Mataram, (ANTARA) - Pemerintah Republik Indonesia bersama dengan perwakilan dari empat negara anggota Asosiasi Perdagangan Bebas Eropa (EFTA) menggelar pertemuan di Pulau Lombok, Provinsi Nusa Tenggara Barat membahas masalah perdagangan.

  Kepala Sub Direktorat Kerja Sama Bilateral, Direktorat Jenderal Perdagangan Luar Negeri, Kementerian Perdagangan Juli Tambunan, di Gerung, Lombok Barat, Senin, mengatakan, pertemuan membahas masalah perdagangan tersebut merupakan lanjutan dari pertemuan yang sebelumnya digelar di Jakarta, Jenewa dan Yogyakarta.

  "Pertemuan membahas masalah perdagangan yang dilakukan di Pulau Lombok, Nusa Tenggara Barat (NTB) merupakan kegiatan informal, namun topiknya sama dengan pertemuan yang dilakukan sebelum-sebelumnya," katanya.

  Negara-negara yang tergabung dalam anggota Asosiasi Perdagangan Bebas Eropa (EFTA) adalah  Islandia, Norwegia, Swiss, dan Liechtenstein.

  EFTA didirikan pada 3 Mei 1960 sebagai sebuah blok dagang-alternatif untuk negara Eropa yang tidak mampu atau memilih tidak untuk bergabung dengan Komunitas Ekonomi Eropa (EEC), yang sekarang menjadi Uni Eropa (EU).

  EFTA memiliki beberapa perjanjian perdagangan bebas dengan negara non-UE juga deklarasi kerja sama dan kelompok kerja bersama untuk memperbarui perdagangan.

  Saat ini, negara yang tergabung dalam EFTA telah melakukan hubungan dagang dengan 20 negara dan teritori, selain 27 negara anggota Uni Eropa.

  Juli mengatakan, Indonesia merupakan salah satu dari beberapa negara yang menjadi anggota kelompok kerja sama dan kerja bersama untuk memperbaharui perdagangan.

  Masalah perdagangan yang dibahas dalam pertemuan di Pulau Lombok, adalah perjanjian di bidang produk pertanian dan produk industri yang dibutuhkan oleh Indonesia dan anggota EFTA.

  "Pada prinsipnya, Indonesia dengan anggota EFTA saling melengkapi dalam perjanjian kerja sama bilateral ini.

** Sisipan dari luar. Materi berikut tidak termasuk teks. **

(* Let $C$ be a program. Then: (1) (mut) $\mathsf{ert}[\![\langle e\rangle:=e']\!]([e\mapsto e'])\preceq[e\mapsto -]$; (2) (lkp) $\mathsf{ert}[\![x:=\langle e\rangle]\!]\big([x=z\wedge\mathsf{emp}]\oplus[e[x/y]\mapsto z]\big)\preceq[x=y\wedge\mathsf{emp}]\oplus[e\mapsto z]$; (3) (alc) if $x$ does not occur in $e$, then $\mathsf{ert}[\![x:=\mathtt{alloc}(e)]\!]\big(\bigoplus_{i=1}^{e}[x+i-1\mapsto 0]\big)\preceq[\mathsf{emp}]$; (4) (aux) for all $f,g\in\mathbb{T}$ and every variable $y$ not occurring in $C$: $\mathsf{ert}[\![C]\!](f)\preceq g$ implies $\mathsf{ert}[\![C]\!](\inf y\colon f)\preceq\inf y\colon g$.
   Context: States and programs. Fix a finite set $\mathrm{Vars}$ of variables; values are $\mathbb{N}$, locations are $\mathbb{N}_{>0}$. A stack is $s\colon \mathrm{Vars}\to\mathbb{N}$; a heap is a partial map $h$ from a finite set $\mathrm{dom}(h)\subseteq\mathbb{N}_{>0}$ to $\mathbb{N}$. $h_1\perp h_2$ means disjoint domains; then $h_1\star h_2$ is their union; $h_\emptyset$ is the empty heap. $\mathsf{States}$ is the set of pairs $(s,h)$. $s(e)$ is the value of a (heap-independent) arithmetic expression $e$ under $s$, $s\models\varphi$ means the Boolean expression $\varphi$ holds under $s$, $s[x\mapsto v]$ is the updated stack; $e[x/y]$ is syntactic substitution of variable $y$ for $x$ in $e$. Programs are generated by $C ::= \mathtt{tick}(e) \mid x:=e \mid x:=\mathtt{alloc}(e) \mid \langle e\rangle:=e' \mid x:=\langle e\rangle \mid \mathtt{free}(e) \mid \{C\}[p]\{C\} \mid \mathtt{if}(\varphi)\{C\}\mathtt{else}\{C\} \mid C;C \mid \mathtt{while}(\varphi)\{C\}$, where $p$ is an expression with $s(p)\in[0,1]\cap\mathbb{Q}$ for all $s$. Runtimes. $\mathbb{T}$ is the set of functions $\mathsf{States}\to[0,\infty]$, ordered pointwise by $\preceq$; arithmetic is pointwise with $0\cdot\infty=0$. $[\varphi]$ is the $0/1$-valued Iverson bracket. Truncated subtraction: $a\dot- b=\max(a-b,0)$, $\infty\dot- b=\infty$ for finite $b$, $a\dot-\infty=0$. $(f\oplus g)(s,h)=\min\{f(s,h_1)+g(s,h_2)\mid h=h_1\star h_2\}$; $(f \mathbin{-\!\!\ominus} g)(s,h)=\sup\{g(s,h\star h')\dot- f(s,h')\mid h'\perp h\}$; $(\inf y\colon f)(s,h)=\inf_{v\in\mathbb{N}} f(s[y\mapsto v],h)$, $(\sup y\colon f)(s,h)=\sup_{v\in\mathbb{N}}f(s[y\mapsto v],h)$; $f[x/e](s,h)=f(s[x\mapsto s(e)],h)$. Atomic ($0/\infty$-valued) runtimes: $[\mathsf{emp}](s,h)=0$ if $h=h_\emptyset$, else $\infty$; $[\varphi\wedge\mathsf{emp}](s,h)=0$ if $s\models\varphi$ and $h=h_\emptyset$, else $\infty$; $\mathsf{tm}(e)(s,h)=s(e)$ if $h=h_\emptyset$, else $\infty$; $[e\mapsto e'](s,h)=0$ if $\mathrm{dom}(h)=\{s(e)\}$ and $h(s(e))=s(e')$, else $\infty$; $[e\mapsto -](s,h)=0$ if $\mathrm{dom}(h)=\{s(e)\}$, else $\infty$; $\bigoplus_{i=1}^{e} f_i$ is evaluated at $(s,h)$ as the separating sum over $i=1,\dots,s(e)$ (empty one: $[\mathsf{emp}]$). Expected runtime transformer $\mathsf{ert}[\![C]\!]\colon\mathbb{T}\to\mathbb{T}$ (with $v$ fresh): $\mathsf{ert}[\![\mathtt{tick}(e)]\!](f)=\mathsf{tm}(e)\oplus f$; $\mathsf{ert}[\![x:=e]\!](f)=f[x/e]$; $\mathsf{ert}[\![x:=\mathtt{alloc}(e)]\!](f)=\sup v\colon (\bigoplus_{i=1}^{e}[v+i-1\mapsto 0])\mathbin{-\!\!\ominus} f[x/v]$; $\mathsf{ert}[\![\langle e\rangle:=e']\!](f)=[e\mapsto-]\oplus([e\mapsto e']\mathbin{-\!\!\ominus} f)$; $\mathsf{ert}[\![x:=\langle e\rangle]\!](f)=\inf v\colon [e\mapsto v]\oplus([e\mapsto v]\mathbin{-\!\!\ominus} f[x/v])$; $\mathsf{ert}[\![\mathtt{free}(e)]\!](f)=[e\mapsto-]\oplus f$; $\mathsf{ert}[\![C_1;C_2]\!](f)=\mathsf{ert}[\![C_1]\!](\mathsf{ert}[\![C_2]\!](f))$; conditional: $[\varphi]\cdot\mathsf{ert}[\![C_1]\!](f)+[\neg\varphi]\cdot\mathsf{ert}[\![C_2]\!](f)$; probabilistic choice: $p\cdot\mathsf{ert}[\![C_1]\!](f)+(1-p)\cdot\mathsf{ert}[\![C_2]\!](f)$; $\mathsf{ert}[\![\mathtt{while}(\varphi)\{C\}]\!](f)=\mathrm{lfp}\, g.\ [\neg\varphi]\cdot f+[\varphi]\cdot\mathsf{ert}[\![C]\!](g)$ (least fixed point in $(\mathbb{T},\preceq)$). *)

(* Runtimes take values in \bar R
   (extended reals over an arbitrary realType R), restricted to [0, +oo]. *)
From HB Require Import structures.
From mathcomp Require Import all_boot all_order all_algebra.
From mathcomp Require Import finmap.
From mathcomp Require Import all_classical all_reals.
From mathcomp Require Import ereal.

Set Implicit Arguments.
Unset Strict Implicit.
Unset Printing Implicit Defensive.
Import Order.TTheory GRing.Theory Num.Theory.

Local Open Scope ring_scope.
Local Open Scope ereal_scope.

Section HeapLang.
Context {R : realType} {V : finType}.

Definition stack := V -> nat.

(* a heap: finite partial map from locations (positive naturals) to values *)
Record heap := Heap { hmap :> {fmap nat -> nat} ; hvalid : 0%N \notin domf hmap }.

Definition state := (stack * heap)%type.

(* runtimes: the elements of T are the runtimes with values in [0, +oo] *)
Definition runtime := state -> \bar R.
Definition is_runtime (f : runtime) : Prop := forall st, 0 <= f st.

Definition rle (f g : runtime) : Prop := forall st, f st <= g st.

Definition upd (s : stack) (x : V) (v : nat) : stack :=
  fun y => if y == x then v else s y.

(* (heap-independent) expressions, given by their semantics *)
Definition aexp := stack -> nat.
Definition bexp := stack -> bool.
Record pexp := PExp {
  pval : stack -> rat ;
  pval_ge0 : forall s, (0 <= pval s)%R ;
  pval_le1 : forall s, (pval s <= 1)%R }.

(* "y does not occur in e" for expressions: e does not depend on y *)
Definition indep {T : Type} (y : V) (e : stack -> T) : Prop :=
  forall s v, e (upd s y v) = e s.

Definition subst (e : aexp) (x y : V) : aexp := fun s => e (upd s x (s y)).

Definition hsplit (h h1 h2 : heap) : Prop :=
  [disjoint domf (hmap h1) & domf (hmap h2)]%fset /\
  hmap h = catf (hmap h1) (hmap h2).

Definition tsub (a b : \bar R) : \bar R :=
  if b == +oo then 0 else maxe (a - b) 0.

Definition oplus (f g : runtime) : runtime := fun st =>
  ereal_inf [set r | exists h1 h2 : heap,
     hsplit st.2 h1 h2 /\ r = f (st.1, h1) + g (st.1, h2)].

Definition wand (f g : runtime) : runtime := fun st =>
  ereal_sup [set r | exists h' hu : heap,
     hsplit hu st.2 h' /\ r = tsub (g (st.1, hu)) (f (st.1, h'))].

Definition inf_var (y : V) (f : runtime) : runtime := fun st =>
  ereal_inf (range (fun v : nat => f (upd st.1 y v, st.2))).
Definition sup_var (y : V) (f : runtime) : runtime := fun st =>
  ereal_sup (range (fun v : nat => f (upd st.1 y v, st.2))).

Definition emp : runtime := fun st =>
  if domf (hmap st.2) == fset0 then 0 else +oo.
Definition emp_and (phi : bexp) : runtime := fun st =>
  if phi st.1 && (domf (hmap st.2) == fset0) then 0 else +oo.
Definition tm (e : aexp) : runtime := fun st =>
  if domf (hmap st.2) == fset0 then ((e st.1)%:R)%:E else +oo.
Definition pt (e e' : aexp) : runtime := fun st =>
  if (domf (hmap st.2) == [fset e st.1]%fset) &&
     (fnd (hmap st.2) (e st.1) == Some (e' st.1)) then 0 else +oo.
Definition ptany (e : aexp) : runtime := fun st =>
  if domf (hmap st.2) == [fset e st.1]%fset then 0 else +oo.

Fixpoint itsep (k : nat) (F : nat -> runtime) : runtime :=
  match k with
  | 0 => emp
  | k'.+1 => oplus (itsep k' F) (F k'.+1)
  end.
Definition bigsep (e : aexp) (F : nat -> runtime) : runtime := fun st =>
  itsep (e st.1) F st.

Definition iv (b : bool) : \bar R := if b then 1 else 0.

(* least fixed point in (T, ⪯) of a monotone map: the pointwise infimum of
   all pre-fixed points in T (Knaster--Tarski) *)
Definition lfp (Phi : runtime -> runtime) : runtime := fun st =>
  ereal_inf [set g st | g in [set g : runtime | is_runtime g /\ rle (Phi g) g]].

End HeapLang.

Arguments heap : clear implicits.
Arguments state : clear implicits.
Arguments runtime : clear implicits.
Arguments stack : clear implicits.
Arguments aexp : clear implicits.
Arguments bexp : clear implicits.
Arguments pexp : clear implicits.

Section Programs.
Context {V : finType}.

Inductive prog :=
| Tick of aexp V
| Assign of V & aexp V
| Alloc of V & aexp V
| Mut of aexp V & aexp V
| Lookup of V & aexp V
| Free of aexp V
| PChoice of prog & pexp V & prog
| Ite of bexp V & prog & prog
| Seq of prog & prog
| While of bexp V & prog.

Fixpoint notin_prog (y : V) (C : prog) : Prop :=
  match C with
  | Tick e => indep y e
  | Assign x e => x <> y /\ indep y e
  | Alloc x e => x <> y /\ indep y e
  | Mut e e' => indep y e /\ indep y e'
  | Lookup x e => x <> y /\ indep y e
  | Free e => indep y e
  | PChoice C1 p C2 => notin_prog y C1 /\ indep y (pval p) /\ notin_prog y C2
  | Ite b C1 C2 => indep y b /\ notin_prog y C1 /\ notin_prog y C2
  | Seq C1 C2 => notin_prog y C1 /\ notin_prog y C2
  | While b C1 => indep y b /\ notin_prog y C1
  end.

End Programs.

Arguments prog : clear implicits.

Section ERT.
Context {R : realType} {V : finType}.

Fixpoint ert (C : prog V) (f : runtime R V) : runtime R V :=
  match C with
  | Tick e => oplus (tm e) f
  | Assign x e => fun st => f (upd st.1 x (e st.1), st.2)
  | Alloc x e => fun st =>
      ereal_sup (range (fun v : nat =>
        wand (bigsep e (fun i => pt (fun _ => (v + i - 1)%N) (fun _ => 0%N)))
             (fun st' => f (upd st'.1 x v, st'.2)) st))
  | Mut e e' => oplus (ptany e) (wand (pt e e') f)
  | Lookup x e => fun st =>
      ereal_inf (range (fun v : nat =>
        oplus (pt e (fun _ => v))
              (wand (pt e (fun _ => v)) (fun st' => f (upd st'.1 x v, st'.2))) st))
  | Free e => oplus (ptany e) f
  | PChoice C1 p C2 => fun st =>
      (ratr (pval p st.1))%:E * ert C1 f st
      + (1 - ratr (pval p st.1))%:E * ert C2 f st
  | Ite b C1 C2 => fun st =>
      iv (b st.1) * ert C1 f st + iv (~~ b st.1) * ert C2 f st
  | Seq C1 C2 => ert C1 (ert C2 f)
  | While b C1 =>
      lfp (fun g st => iv (~~ b st.1) * f st + iv (b st.1) * ert C1 g st)
  end.

End ERT.

From HB Require Import structures.
From mathcomp Require Import all_boot all_order all_algebra.
From mathcomp Require Import finmap.
From mathcomp Require Import all_classical all_reals.
From mathcomp Require Import ereal.

Set Implicit Arguments.
Unset Strict Implicit.
Unset Printing Implicit Defensive.
Import Order.TTheory GRing.Theory Num.Theory.
Local Open Scope ring_scope.
Local Open Scope ereal_scope.

(* For (1)-(3) evaluate at a heap of the right shape and split off the empty
   heap in the separating sum: the magic wand at the empty heap is 0 as soon as
   its second argument lies below its first, because every truncated difference
   then vanishes.
   For (4), if y does not occur in C then ert C (f[y/v]) <= (ert C f)[y/v], by
   induction on C; for a loop, every pre-fixed point g of its functional yields
   the pre-fixed point g[y/v] of the functional for f[y/v].  Since
   inf y: f <= f[y/v] and ert C is monotone, ert C (inf y: f) <= g[y/v] for
   every v. *)

Section Stacks.
Variables (V : finType) (s : stack V).

Lemma upd_eq x v : upd s x v x = v.
Proof. by rewrite /upd eqxx. Qed.

Lemma upd_neq x y v : y != x -> upd s x v y = s y.
Proof. by rewrite /upd => /negPf ->. Qed.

Misalnya Indonesia menjual produk A, maka anggota EFTA jual produk B, begitu juga jika Indonesia membutuhkan produk C, maka EFTA butuh produk D," ujarnya.

  Masalah lain yang dibahas, kata dia, adalah tentang konsep penyesuaian aturan agar suatu produk bisa masuk ke Indonesia maupun ke negara anggota EFTA.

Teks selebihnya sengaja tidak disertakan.